Abstract
Candida dubliniensis, an emerging fungal pathogen, is the closest known species to the established pathogenic species Candida albicans. Despite the fact that these two species share > 80% genome sequence identity, they exhibit distinct properties such as less hyphal growth, reduced pathogenicity and increased sensitivity to sodium stress and elevated temperatures in C. dubliniensis compared with C. albicans. It is, however, largely unknown whether signaling pathways are conserved in the two Candida species. Calcineurin signaling is known to be required for hyphal growth in Cryptococcus neoformans and Aspergillus fumigatus but remains elusive in C. albicans. Our recent study showed that calcineurin plays a clearly demonstrable role in controlling hyphal growth, drug tolerance and virulence in C. dubliniensis. Here, we extend our studies and show that calcineurin is conserved in controlling endoplasmic reticulum stress but distinct in governing pH homeostasis. Furthermore, we demonstrate that azole or echinocandin drugs in combination with the calcineurin inhibitor FK506 exhibit a synergistic effect against C. dubliniensis wild-type and echinocandin-resistant strains.
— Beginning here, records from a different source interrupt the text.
(* In the setting described in the context, assume moreover that there is $\beta$ with $0<\beta<\alpha$ such that for every $\delta>0$ there is a constant $c_\delta$ with $|\frac{\partial}{\partial x}u^\epsilon(x,t)|\leq c_\delta\,\epsilon^{-\beta}$ for all $x\in\mathbb{R}$, $t\in[0,\delta]$, $\epsilon\in(0,1)$. Then the family $(u^\epsilon,v^\epsilon)$ is a weak asymptotic method for the equation $\frac{\partial v}{\partial t}+\frac{\partial}{\partial x}(uv)=0$, i.e. for every $\psi\in\mathcal{C}^\infty(\mathbb{R})$ with compact support and every $t\geq0$, $$\int_{\mathbb{R}}\Big[\frac{\partial v^\epsilon}{\partial t}(x,t)\psi(x)-u^\epsilon(x,t)v^\epsilon(x,t)\psi'(x)\Big]dx\longrightarrow 0\quad(\epsilon\to0).$$
   Context: Let $\mathcal{C}_b(\mathbb{R})$ denote the Banach space of bounded continuous real functions on $\mathbb{R}$ with the sup norm. For a real function $u$ set $u^+=\max(0,u)$, $u^-=\max(0,-u)$. For $0<\epsilon<1$ let $u^\epsilon:\mathbb{R}\times[0,\infty)\to\mathbb{R}$ be $2\pi$-periodic in $x$, differentiable in $x$, with $t\mapsto u^\epsilon(\cdot,t)$ continuous from $[0,\infty)$ into $\mathcal{C}_b(\mathbb{R})$, and assume there is $M_1>0$ with $|u^\epsilon(x,t)|\leq M_1$ for all $\epsilon,x,t\ge0$. Let $v_0^\epsilon\in\mathcal{C}_b(\mathbb{R})$ be $2\pi$-periodic with $\sup_{\epsilon}\int_{-\pi}^{\pi}|v_0^\epsilon|dx<\infty$. Let $X^\epsilon$ be the unique global $\mathcal{C}^1$ solution $[0,\infty)\to\mathcal{C}_b(\mathbb{R})$ of $$\frac{d}{dt}X^\epsilon(x,t)=\frac{1}{\epsilon}\big[X^\epsilon(x-\epsilon,t)u^{\epsilon+}(x-\epsilon,t)-X^\epsilon(x,t)|u^{\epsilon}(x,t)|+X^\epsilon(x+\epsilon,t)u^{\epsilon-}(x+\epsilon,t)\big],\quad X^\epsilon(x,0)=v_0^\epsilon(x).$$ Let $\phi\in\mathcal{C}^\infty(\mathbb{R})$ have compact support with $\int\phi=1$, let $\alpha\in]0,1]$, $\phi_{\epsilon^\alpha}(x)=\epsilon^{-\alpha}\phi(x/\epsilon^\alpha)$, and define $v^\epsilon(x,t)=(X^\epsilon(\cdot,t)*\phi_{\epsilon^\alpha})(x)$. *)

From Stdlib Require Import Reals.
From Coquelicot Require Export Coquelicot.
Open Scope R_scope.

Definition pospart (a : R) : R := Rmax 0 a.
Definition negpart (a : R) : R := Rmax 0 (- a).

Definition Rint_R (f : R -> R) : R :=
  RInt_gen f (Rbar_locally m_infty) (Rbar_locally p_infty).

Definition in_Cb (f : R -> R) : Prop :=
  (forall x, continuous f x) /\ exists M, forall x, Rabs (f x) <= M.

Definition periodic_2pi (f : R -> R) : Prop := forall x, f (x + 2 * PI) = f x.

Definition smooth (f : R -> R) : Prop := forall (n : nat) (x : R), ex_derive_n f n x.

Definition compact_support (f : R -> R) : Prop :=
  exists A, forall x, A < Rabs x -> f x = 0.

(* t |-> w(.,t) is continuous from [0,oo) into C_b(R) (sup norm) *)
Definition cont_into_Cb (w : R -> R -> R) : Prop :=
  (forall t, 0 <= t -> in_Cb (fun x => w x t)) /\
  forall t, 0 <= t -> forall eta, 0 < eta -> exists d, 0 < d /\
    forall s, 0 <= s -> Rabs (s - t) < d -> forall x, Rabs (w x s - w x t) <= eta.

(* dw is the derivative of t |-> w(.,t) on [0,oo) in C_b(R) (sup norm),
   one-sided at t = 0 *)
Definition Cb_deriv (w dw : R -> R -> R) : Prop :=
  forall t, 0 <= t -> forall eta, 0 < eta -> exists d, 0 < d /\
    forall s, 0 <= s -> s <> t -> Rabs (s - t) < d ->
      forall x, Rabs ((w x s - w x t) / (s - t) - dw x t) <= eta.

(* X is a global C^1 solution [0,oo) -> C_b(R) of the lattice ODE with initial datum v0,
   with time derivative Xd *)
Definition is_C1_solution (eps : R) (u : R -> R -> R) (v0 : R -> R)
  (X Xd : R -> R -> R) : Prop :=
  cont_into_Cb X /\ cont_into_Cb Xd /\ Cb_deriv X Xd /\
  (forall x, X x 0 = v0 x) /\
  (forall x t, 0 <= t ->
     Xd x t = / eps * (X (x - eps) t * pospart (u (x - eps) t)
                       - X x t * Rabs (u x t)
                       + X (x + eps) t * negpart (u (x + eps) t))).

(* l is the time derivative of w at t, taken within [0,oo) (one-sided at t = 0) *)
Definition tderiv (w : R -> R) (t l : R) : Prop :=
  filterlim (fun h => (w (t + h) - w t) / h)
    (within (fun h => h <> 0 /\ 0 <= t + h) (locally 0)) (locally l).

(* mollifier phi_{eps^alpha} and v^eps = X^eps(.,t) * phi_{eps^alpha} *)
Definition mollif (phi : R -> R) (alpha eps : R) (y : R) : R :=
  / Rpower eps alpha * phi (y / Rpower eps alpha).

Definition vconv (phi : R -> R) (alpha eps : R) (X : R -> R -> R) (x t : R) : R :=
  Rint_R (fun y => X (x - y) t * mollif phi alpha eps y).

(* The time derivative of v^eps is the mollified upwind difference of X^eps.
   Summation by parts against psi leaves two error terms: the mollified fluxes
   X^eps u^eps+- against second-order Taylor remainders of psi, of size O(eps),
   and the commutator between multiplication by u^eps and the mollifier, of size
   O(eps^(alpha - beta)) by the Lipschitz bound on u^eps over the support
   eps^alpha of the mollifier. Both carry the local L1 mass of X^eps as a factor,
   and that mass is bounded uniformly in eps: X^eps is 2pi-periodic by uniqueness,
   and the upwind scheme is positive and conservative, so the L1 norm of X^eps
   over a period does not increase in time. *)

From Stdlib Require Import Reals Lra Classical Factorial.
From Coquelicot Require Import Coquelicot.
Open Scope R_scope.

Lemma is_RInt_gen_vanishing (f : R -> R) (Fa Fb : (R -> Prop) -> Prop) :
  Filter Fa -> Filter Fb ->
  filter_prod Fa Fb (fun ab => forall x, Rmin (fst ab) (snd ab) < x < Rmax (fst ab) (snd ab) -> f x = 0) ->
  is_RInt_gen f Fa Fb 0.
Proof.
intros HFa HFb Hf P HP. unfold filtermapi.
apply (filter_imp (F := filter_prod Fa Fb) (fun ab => forall x, Rmin (fst ab) (snd ab) < x < Rmax (fst ab) (snd ab) -> f x = 0)); [|exact Hf].
intros [a b] Hab. exists 0. split; [|exact (locally_singleton _ _ HP)].
apply (is_RInt_ext (fun _ => 0)); [intros x Hx; symmetry; exact (Hab x Hx)|].
pose proof (is_RInt_const a b 0) as H0. unfold scal in H0; simpl in H0; unfold mult in H0; simpl in H0.
rewrite Rmult_0_r in H0. exact H0.
Qed.

Lemma Rint_R_compact_support (f g : R -> R) (B : R) :
  0 <= B -> ex_RInt g (-B) B ->
  (forall x, Rabs x <= B -> f x = g x) -> (forall x, B < Rabs x -> f x = 0) ->
  Rint_R f = RInt g (-B) B.
Proof.
intros HB Hg Hfg Hf. unfold Rint_R. apply is_RInt_gen_unique.
assert (Hleft : is_RInt_gen f (Rbar_locally m_infty) (at_point (-B)) 0).
{ apply is_RInt_gen_vanishing; try apply filter_filter.
  exists (fun a => a < -B) (fun b => b = -B); [exists (-B); auto|reflexivity|].
  intros a b Ha Hb x Hx; simpl in *; subst b. apply Hf.
  rewrite Rmax_right in Hx by lra. rewrite Rabs_left; lra. }
assert (Hmid : is_RInt_gen f (at_point (-B)) (at_point B) (RInt g (-B) B)).
{ apply is_RInt_gen_at_point. apply (is_RInt_ext g); [|exact (RInt_correct g _ _ Hg)].
  intros x Hx. symmetry. apply Hfg. rewrite Rmin_left, Rmax_right in Hx by lra.
  apply Rabs_le; lra. }
assert (Hright : is_RInt_gen f (at_point B) (Rbar_locally p_infty) 0).
{ apply is_RInt_gen_vanishing; try apply filter_filter.
  exists (fun a => a = B) (fun b => B < b); [reflexivity|exists B; auto|].
  intros a b Ha Hb x Hx; simpl in *; subst a. apply Hf.
  rewrite Rmin_left in Hx by lra. rewrite Rabs_right; lra. }
pose proof (is_RInt_gen_Chasles f _ _ _ Hleft (is_RInt_gen_Chasles f _ _ _ Hmid Hright)) as H.
change (is_RInt_gen f (Rbar_locally m_infty) (Rbar_locally p_infty) (0 + (RInt g (-B) B + 0))) in H.
rewrite Rplus_0_l, Rplus_0_r in H. exact H.
Qed.

Definition contR (f : R -> R) := forall x, continuous f x.

Lemma contR_mult f g : contR f -> contR g -> contR (fun y => f y * g y).
Proof. intros Hf Hg x. apply (continuous_mult f g); auto. Qed.
Lemma contR_plus f g : contR f -> contR g -> contR (fun y => f y + g y).
Proof. intros Hf Hg x. apply (continuous_plus f g); auto. Qed.
Lemma contR_minus f g : contR f -> contR g -> contR (fun y => f y - g y).
Proof. intros Hf Hg x. apply (continuous_minus f g); auto. Qed.
Lemma contR_const c : contR (fun _ => c).
Proof. intros x. apply continuous_const. Qed.
Lemma contR_id : contR (fun y => y).
Proof. intros x. apply continuous_id. Qed.
Lemma contR_abs f : contR f -> contR (fun y => Rabs (f y)).
Proof. intros Hf x. apply continuous_Rabs_comp. auto. Qed.
Lemma contR_comp f g : contR f -> contR g -> contR (fun y => g (f y)).
Proof. intros Hf Hg x. apply (continuous_comp f g); auto. Qed.
Lemma contR_ext f g : (forall x, f x = g x) -> contR f -> contR g.
Proof. intros H Hf x. apply (continuous_ext f); auto. Qed.
Lemma contR_scal c f : contR f -> contR (fun y => c * f y).
Proof. intros Hf. apply contR_mult; [apply contR_const|exact Hf]. Qed.
Lemma contR_shift f c : contR f -> contR (fun y => f (y + c)).
Proof.
intros Hf. apply (contR_comp (fun y => y + c) f); auto.
apply contR_plus; [apply contR_id|apply contR_const].
Qed.
Lemma contR_reflect f x : contR f -> contR (fun y => f (x - y)).
Proof.
intros Hf. apply (contR_comp (fun y => x - y) f); auto.
apply contR_minus; [apply contR_const|apply contR_id].
Qed.
Lemma contR_pointwise f : contR f -> forall x, continuity_pt f x.
Proof. intros Hf x. apply continuity_pt_filterlim. apply Hf. Qed.
Lemma contR_pospart f : contR f -> contR (fun y => pospart (f y)).
Proof.
intros Hf. apply (contR_ext (fun y => / 2 * (f y + Rabs (f y)))).
- intros y. unfold pospart, Rmax, Rabs. destruct Rle_dec, Rcase_abs; lra.
- apply contR_scal, contR_plus, contR_abs; auto.
Qed.
Lemma contR_negpart f : contR f -> contR (fun y => negpart (f y)).
Proof.
intros Hf. apply (contR_ext (fun y => / 2 * (Rabs (f y) - f y))).
- intros y. unfold negpart, Rmax, Rabs. destruct Rle_dec, Rcase_abs; lra.
- apply contR_scal, contR_minus, Hf. apply contR_abs, Hf.
Qed.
The involvement of calcineurin in a variety of fungal virulence attributes and as a target for fungicidal synergism with azoles and echinocandins highlights the potential of combination therapy with calcineurin inhibitors for treating Candida infections.
Calcineurin is a eukaryotic Ca2+-calmodulin-dependent serine/threonine specific protein phosphatase that is required for fungal virulence in a variety of human fungal pathogens including C. albicans,Citation1-Citation3 C. neoformans,Citation4,Citation5 and A. fumigatus.Citation6 We recently investigated the role of calcineurin in Candida dubliniensis, a sibling species of C. albicans that often infects the oral cavities of immunocompromised patients, such as those with HIV/AIDS.Citation7,Citation8 In C. dubliniensis, we found that calcineurin is required for cell wall integrity, hyphal growth, serum survival and virulence.Citation9 Calcineurin played a greater role in serum survival of C. albicans compared with C. dubliniensisCitation9 (). Similar to results in C. albicans, the calcineurin downstream target Crz1 was not required for serum survival in C. dubliniensis. Furthermore, calcineurin and crz1/crz1 mutants had reduced tolerance to azole and echinocandin antifungal drugs in both species ().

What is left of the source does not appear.